In a meta-analysis http://www.jpain.org/article/S1526-5900%2815%2900957-8/abstract published this month on motivational interviewing and chronic pain, researchers analyzed seven studies with 962 patients and found benefits in short-term adherence to chronic pain treatment, but with possible publication bias and unclear benefits in patient function and short term benefits.

Coauthor Louise Sharpe, University of Sydney, New South Wales, Australia, said the EAET approach appears to offer a unique perspective, but more needs to be known.

"The results look very encouraging for this new approach, particularly given what appears to be a large sample and well analyzed data, but on the basis of one trial, I would remain somewhat cautious," she told Medscape Medical News.

Patients with chronic pain and fibromyalgia do generally have a higher rate of trauma than people without chronic pain, and a well-administered CBT approach would address the trauma, she explained.

"The fact that the CBT did not affect function seems to lead to questions about the adequacy of the CBT provided."

"It is also unusual to have pain as a primary outcome. Although patients often want the pain to reduce, a standard CBT approach would not focus on pain, but rather reducing disability and improving mood-related consequences of pain.

"[In addition], I am not sure how they dealt with participants who had not experienced a trauma, it would be unusual if all had unless it was an inclusion criteria."

"Overall, even for the trauma group, I would have thought that the fact that only 33% felt much or very much improved meant that the approaches offered may not have been optimal."

Regarding the inclusion of patients, Dr Lumley noted that the researchers did not select only patients with a trauma history.  

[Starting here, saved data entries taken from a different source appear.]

Lemma cofactor_subx_delta_mx k (cs : 'I_k -> F) : (k < n)%N ->
  cofactor (map_mx (subx k (lin cs)) (delta_mx k)) ord_max ord_max = L k.
Proof.
move=> lt_kn; rewrite /cofactor addnn -signr_odd odd_double mul1r /moore_det.
congr (\det _); apply/matrixP => t j; rewrite !mxE !lift_max ltn_ord.
exact: subx_var_lt.
Qed.

Lemma subx_fhat i v j : (j < n)%N ->
  subx i v (fhat f (inord j)) = fhat_y i.+1 f v (inord j).
Proof.
move=> lt_jn; rewrite (fhat_fval lt_jn) subx_fval (fhat_y_fval _ _ lt_jn).
by apply: eq_fval => m lt_mc; rewrite subx_var ?bump_ltn.
Qed.

Lemma delta_defect_max k (cs : 'I_k -> F) : (k < n)%N ->
  delta_defect cs = (\sum_(j < k) cs j *: var j ^+ (q ^ b)) * fhat f (inord k)
    - \sum_(j < k) cs j *: (var j ^+ (q ^ b) * fhat_y k.+1 f (lin cs) (inord j)).
Proof.
move=> lt_kn; rewrite /delta_defect lin_exp_card; congr (_ - _).
by apply: eq_bigr => j _; rewrite subx_fhat // (ltn_trans (ltn_ord j) lt_kn).
Qed.

Lemma fval_perm k (pi : nat -> nat) : (k < n)%N -> (forall m, (m < c)%N -> (pi m < c)%N) ->
    fval (fun m => var (bump k (pi m))) = fval (fun m => var (bump k m)) ->
  forall G, fval (fun m => G (pi m)) = fval G.
Proof.
move=> lt_kn pi_c eq_f G; pose t := [tuple G (unbump k p) | p < n].
have tE m : (m < c)%N -> var (bump k m) \mPo t = G m.
  by move=> lt_mc; rewrite (var_comp (fun p => G (unbump k p))) ?bumpK ?bump_ltn.
have := congr1 (comp_mpoly t) eq_f; rewrite !comp_fval => eq_ft.
apply: (@etrans _ _ (fval (fun m => var (bump k (pi m)) \mPo t))).
  by apply: eq_fval => m /pi_c/tE ->.
by rewrite eq_ft; apply: eq_fval => m /tE ->.
Qed.

(* With [cs] the [i]-th unit vector, the vanishing defect reads
   [f(x^_i)[x_k := x_i] = f(x^_k)], a cyclic shift of the arguments of [f]. *)
Lemma defect_eq0_cyc_invariant k : (k < n)%N -> (forall cs : 'I_k -> F, delta_defect cs = 0) ->
  forall i, (i < k)%N -> forall G, fval (fun m => G (cyc i k.-1 m)) = fval G.
Proof.
move=> lt_kn D0 i lt_ik; apply: (fval_perm lt_kn) => [m lt_mc|].
  by apply: cyc_ltn; lia.
pose e (j : 'I_k) : F := (j == Ordinal lt_ik)%:R.
have sum_e (G : 'I_k -> R) : \sum_(j < k) e j *: G j = G (Ordinal lt_ik).
  rewrite (bigD1 (Ordinal lt_ik)) //= big1 => [|j /negbTE j_neq]; last first.
    by rewrite /e j_neq scale0r.
  by rewrite /e eqxx scale1r addr0.
have := D0 e; rewrite /delta_defect [lin e]sum_e sum_e -mulrBr => /eqP.
rewrite mulf_eq0 expf_eq0 (negbTE (var_neq0 (ltn_trans lt_ik lt_kn))) andbF /=.
rewrite subr_eq0 => /eqP fhat_k.
rewrite -(fhat_fval lt_kn) fhat_k (fhat_fval (ltn_trans lt_ik lt_kn)) subx_fval.
apply: eq_fval => m lt_mc; rewrite subx_var ?bump_ltn // -bump_cyc_pred //.
by case: eqP.
Qed.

"The EAET approach does not target only trauma, but also a range of unspoken or unexpressed feelings, emotional and relational conflicts, and shame-based struggles (secrets)," he said.

"Certainly there were patients in the trial without trauma histories, but there were few or none who had optimal emotional and relational health.  Almost everyone had some issues that they needed to work on (e.g., assertiveness, loss, intimacy)."

The PAST-FM study received funding from National Institutes of Health grant AR057808. The authors and Dr Sharpe have disclosed no relevant financial relationships.

American Pain Society (APS) 35th Annual Scientific Meeting. Abstracts 488 and 509. Presented May 13, 2016.